The distribution of the earliest time to start a task A_j, which is next after the realization of the sequence S(A), is equated to the moment t_m = t(A_m) of the completion of the task A_m, which is last in S(A).

An example situation describing the statement above is shown in Figure 2. The execution of task A_j starts at time t_m. The total execution time T(A_j) is a random variable and depends on the specific conditions for the implementation of the current calculation (data, processes, management, etc.). In this sense, the mathematical expectation for the moment time t(A_j) = t_j for the completion of the task A_j (formation of the final result) is also a random variable for which the limit values can be calculated—the earliest admissible moment

(t_{j}^{'})

and the latest allowable moment

(t_{j}^{″})

. Since the start of task A_j is related to the random moment to complete the previous task, the above reasoning also applies to the initial moment of execution of A_j (assessment limits can also be set).

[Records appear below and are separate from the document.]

Lemma desI_prefix_relabel p f : uniq p -> size p = m ->
  {in p, forall x, x < m -> f x = x} -> {in p, forall x, m <= x -> m <= f x} ->
  {in p &, {mono f : x y / x < y}} -> desI_prefix (map f p) = desI_prefix p.
Proof.
move=> up sp f_small f_large f_mono.
have f_inj : {in p &, injective f}.
  move=> x y xp yp e; case: (ltngtP x y) => // h.
    by have := f_mono x y xp yp; rewrite h e ltnn.
  by have := f_mono y x yp xp; rewrite h e ltnn.
have uq : uniq (map f p) by rewrite map_inj_in_uniq.
have sq : size (map f p) = m by rewrite size_map.
have mem_small v : v < m -> (v \in map f p) = (v \in p).
  move=> hv; apply/mapP/idP => [[y yp e]|vp]; last by exists v; rewrite // f_small.
  case: (ltnP y m) => hy; first by rewrite e f_small.
  by have := f_large _ yp hy; lia.
have nth_f j : j < m -> nth 0 (map f p) j = f (nth 0 p j).
  by move=> hj; rewrite (nth_map 0) // sp.
have mem_nth_p j : j < m -> nth 0 p j \in p by move=> hj; rewrite mem_nth // sp.
have missing_below q y : uniq q -> size q = m -> y \in q -> m <= y ->
    has (fun v => v \notin q) (iota 0 y).
  move=> uq' sq' yq hy; have /hasP[v] := has_notin_small uq' sq' yq hy.
  by rewrite mem_iota => hv vq; apply/hasP; exists v => //; rewrite mem_iota; lia.
rewrite /desI_prefix; congr (_ && _).
- apply: eq_in_all => j; rewrite mem_iota => hj.
  have a1 : j < m by lia.
  have a2 : j.-1 < m by lia.
  by rewrite /descent !nth_f // f_mono // mem_nth_p.
- have hl : m.-1 < m by lia.
  rewrite nth_f //; have := mem_nth_p _ hl; set x := nth 0 p m.-1 => xp.
  case: (ltnP x m) => hx.
  + rewrite f_small //; apply: eq_in_has => v; rewrite mem_iota => hv.
    by rewrite mem_small //; lia.
  + have hfx := f_large _ xp hx.
    by rewrite (missing_below _ _ uq sq) ?(missing_below _ _ up sp) //; apply/mapP; exists x.
Qed.

Definition large_letters n (p L : seq nat) :=
  all (fun u => (u \in p) == (u \in L)) (iota m (n - m)).

Lemma large_lettersP n p L : large_letters n p L ->
  all (fun x => x < n) p -> all (fun x => x < n) L ->
  forall u, m <= u -> (u \in p) = (u \in L).
Proof.
move=> H ap aL u hu; case: (ltnP u n) => hn.
  by apply/eqP; apply: (allP H); rewrite mem_iota; lia.
by apply/idP/idP => [/(allP ap)|/(allP aL)]; lia.
Qed.

Lemma large_letters_intro n p L :
  (forall u, m <= u -> (u \in p) = (u \in L)) -> large_letters n p L.
Proof. by move=> H; apply/allP => u; rewrite mem_iota => /andP[hu _]; rewrite H. Qed.

Definition a_prefix k :=
  count (fun p => desI_prefix p && large_letters (m + m) p (iota m k)) (prefixes (m + m)).

Definition compress (L : seq nat) x := if x < m then x else m + index x L.
Definition expand (L : seq nat) y := if y < m then y else nth 0 L (y - m).

Section Standardize.
Variables (n : nat) (L : seq nat).
Hypothesis m_lt_n : m < n.
Hypothesis L_sub : subseq L (iota m (n - m)).

Let L_uniq : uniq L := subseq_uniq L_sub (iota_uniq _ _).
Let L_sorted : sorted ltn L := subseq_sorted ltn_trans L_sub (iota_ltn_sorted _ _).

Let L_ge u : u \in L -> m <= u.
Proof. by move/(mem_subseq L_sub); rewrite mem_iota => /andP[]. Qed.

3.2. Mathematical Formalization

When defining the mathematical model, a formal presentation of the following stochastic characteristics of the computational processes was performed:

The mathematical expectation of the time-moment t_j for completing task A_j is defined as the sum of the mathematical expectations E[T(A_i)] of the times for solving (performing) the tasks in the previous sequence S(A) = < A₁, …, A_m > estimated by the longest path A₁ → A_m → A_j in the sequence if there are several equivalent ones.
The variance D[T(A_j)] is determined analogously to the sum D[T(A₁)] + … + D[T(A_m)].
Planning the deadlines for completion of task A_j:
(a) the earliest allowable completion time $(t_{j}^{'})$ is estimated by the variance and the standard deviation:

$\begin{matrix} D [t_{j}^{'}] = D [t_{m}] + D [t_{j}]; \\ σ [t_{j}^{'}] = \sqrt{{D [t_{j}^{'}]}}; \end{matrix}$

(b) the latest allowable completion time $(t_{j}^{″})$ is estimated by the mathematical expectation:

$E [t_{j}^{″}] = E [t^{″} (A_{F})] - E [t (S_{j \to F})],$

where: A_F—final task for the specific calculation; S_j_→F—the longest path in the sequence <A_j, …, A_F>. The variance of $(t_{j}^{″})$ is estimated analogously by:

$D [t_{j}^{″}] = D [t^{″} (A_{F})] - D [t (S_{j \to F})] .$
The probability of completing task A_j in a given time. The probability P(t_j) for completion of the calculation of task A_j is considered no later than the moment $(t_{j}^{*})$ :

$P (t_{j}) \leq t_{j}^{*} = \int_{- \infty}^{t^{*}} φ_{j} (x) \cdot d x,$

where φ_j(x) is the density of the probability distribution of the random variable t_j. If φ_j(x) is a normal distribution law with parameter μ = E[t_j] and variance σ² = D[t_j], then:

$φ_{j} (x) = \frac{1}{σ \sqrt{2 π}} \cdot e^{- [\frac{{(x - μ)}^{2}}{2 σ^{2}}]} .$

For the analytical study of the stochastic processes in the structure, it is necessary to know some estimates of the probabilistic characteristics of the individual tasks. For example, if the labor intensity τ(A_j) of the task A_j ∈ S(A) is known, then the time t(A_j) will depend on the speed B of the computer system, i.e., E[t(A_j)] = E[τ(A_j)/B], where E[x] is the mathematical expectation of the random variable x. A similar relationship exists for the variance D[x].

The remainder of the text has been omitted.